エンジンオイルの交換周期はエンジンの種類やオイルのグレードによって異なり、誤った慣行が余分なコストを生じさせている可能性がある。
5,000kmごとの交換習慣は本当に正しいのか
多くのドライバーが習慣的に5,000kmごとにエンジンオイルを交換してきた。しかし、この習慣は今や無駄遣いの可能性が高い。グローバルメーカー各社はすでに推奨交換周期を1万km以上に変更している。
ガソリン自然吸気エンジンの基準では、一般条件で1万〜1万5,000km、または12か月のうち早い方が公式の交換基準となっている。
自動車の専門家やメーカー各社の見解でも、これと同様の見方が示されている。近年のエンジンオイルの品質向上を踏まえれば、適切な条件下では1万kmまで交換を延ばしても性能劣化はさほど大きくないという評価が一般的となっている。
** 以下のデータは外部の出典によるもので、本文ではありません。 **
(* Let $M,N$ be $\mathtt{dBang}$ terms with $M\to_S N$ (one surface step). Then for every resource term $m\sqsubset M$, either $m$ reduces to $\emptyset$ in one surface resource step, or there is a resource term $n\sqsubset N$ such that $m$ reduces to $n$ in one surface resource step.
   Context: \textbf{dBang.} Terms: $M,N ::= x \mid \lambda x.M \mid MN \mid M[N/x] \mid\ !M \mid \mathrm{der}\,M$ ($M[N/x]$ explicit substitution binding $x$); $M\{N/x\}$ capture-avoiding substitution. List contexts $L ::= \square\mid L[N/x]$. Root rules: $L\langle\lambda x.M\rangle N \mapsto L\langle M[N/x]\rangle$; $M[L\langle !N\rangle/x]\mapsto L\langle M\{N/x\}\rangle$; $\mathrm{der}(L\langle !N\rangle)\mapsto L\langle N\rangle$. Surface contexts: $S ::= \square\mid\lambda x.S\mid SM\mid MS\mid S[M/x]\mid M[S/x]\mid\mathrm{der}\,S$ (hole not under $!$); $\to_S$ is the closure of the root rules under surface contexts. \textbf{Resources.} Resource terms: $m,n ::= x\mid\lambda x.m\mid mn\mid m[n/x]\mid\mathrm{der}\,m\mid[m_1,\dots,m_k]$ ($k\ge0$ multisets). Resource list contexts $l::=\square\mid l[n/x]$. Root resource rules (target a resource term or the zero symbol $\emptyset$): $\mathrm{der}(l\langle[m]\rangle)\to l\langle m\rangle$; $\mathrm{der}(l\langle[m_1,\dots,m_k]\rangle)\to\emptyset$ if $k\ne1$; $l\langle\lambda x.m\rangle n\to l\langle m[n/x]\rangle$; $m[l\langle[n_1,\dots,n_k]\rangle/x]\to l\langle m\{n_{\sigma(1)}/x_1,\dots,n_{\sigma(k)}/x_k\}\rangle$ for every permutation $\sigma$ when $x_1,\dots,x_k$ are exactly the $k$ free occurrences of $x$ in $m$, and $\to\emptyset$ when the number of free occurrences of $x$ in $m$ differs from $k$. Surface resource reduction is the closure under resource surface contexts $s::=\square\mid\lambda x.s\mid s n\mid m s\mid s[n/x]\mid m[s/x]\mid\mathrm{der}\,s$ (not inside bags), a term reducing to $\emptyset$ whenever a subterm in surface position does. \textbf{Approximation.} $x\sqsubset x$; $\lambda x.m\sqsubset\lambda x.M$ if $m\sqsubset M$; $mn\sqsubset MN$ and $m[n/x]\sqsubset M[N/x]$ if $m\sqsubset M,n\sqsubset N$; $\mathrm{der}\,m\sqsubset\mathrm{der}\,M$ if $m\sqsubset M$; $[m_1,\dots,m_k]\sqsubset\ !M$ for any $k\ge0$ if every $m_i\sqsubset M$. *)

(* dBang calculus and its resource calculus, in de Bruijn syntax
   (terms are thus taken up to alpha-equivalence, as in the paper). *)
From Stdlib Require Import Arith List Permutation.
Import ListNotations.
言い換えれば、5,000kmごとの交換がエンジン保護に特別有効とする根拠は薄い。メーカー推奨周期への移行は、不要なオイル廃棄を減らすだけでなく、維持費の節減にもつながると専門家は指摘する。
エンジンの種類によって基準は異なり、ターボはより短いサイクルでの交換が必要となる
5,000kmごとの交換が不要だということは、すべての車が1万kmまで耐えられることを意味するわけではない。エンジンの種類によって推奨周期が異なる。ターボガソリン(TGDI)エンジンは熱と圧力の負荷が高いため、一般条件でも8,000km、シビアコンディションでは5,000kmに短縮される。

自然吸気ガソリンが1万〜1万5,000kmを推奨するのに対し、約40%短いサイクルが求められる。ディーゼルエンジンは逆に、一般条件基準で1万5,000〜2万kmまで許容される車種もある。
使用するオイルの種類によっても周期は変わる。鉱物油は5,000〜7,000km、部分合成油は7,000〜1万km、全合成油は1万〜1万5,000kmが目安となる。全合成油を使用しながら5,000kmごとに交換している場合、性能の半分も活かさないまま廃棄していることになる。
走行距離が少なくても6か月ごとに確認する必要がある

もう一点、見落とされがちな注意点がある。走行距離が少ないという理由だけで、交換を先延ばしにするのは禁物だ。オイルは走行距離にかかわらず、時間の経過とともに酸化し、水分が浸透して性能が低下する。年間走行距離が少ないドライバーでも、6か月〜1年ごとの交換が推奨される。
シビアコンディションに該当する場合も、交換周期を短縮する必要がある。短距離の繰り返し走行や市内走行、氷点下10度以下または38度以上の極端な気温、未舗装道路走行、長時間のアイドリング、高速走行や牽引が多い場合もシビアコンディションに分類される。この場合、ガソリン自然吸気は7,500km、ターボは5,000kmでの交換が適切とされている。
結局のところ、判断基準は一つに尽きる。自車のオーナーズマニュアルに記載されたエンジンの種類ごとの推奨周期、使用オイルのグレード、走行条件を確認することが最も正確な判断材料となる。5,000kmごとの交換を長年の習慣としているドライバーは、一度オーナーズマニュアルを開いて確認することを勧めたい。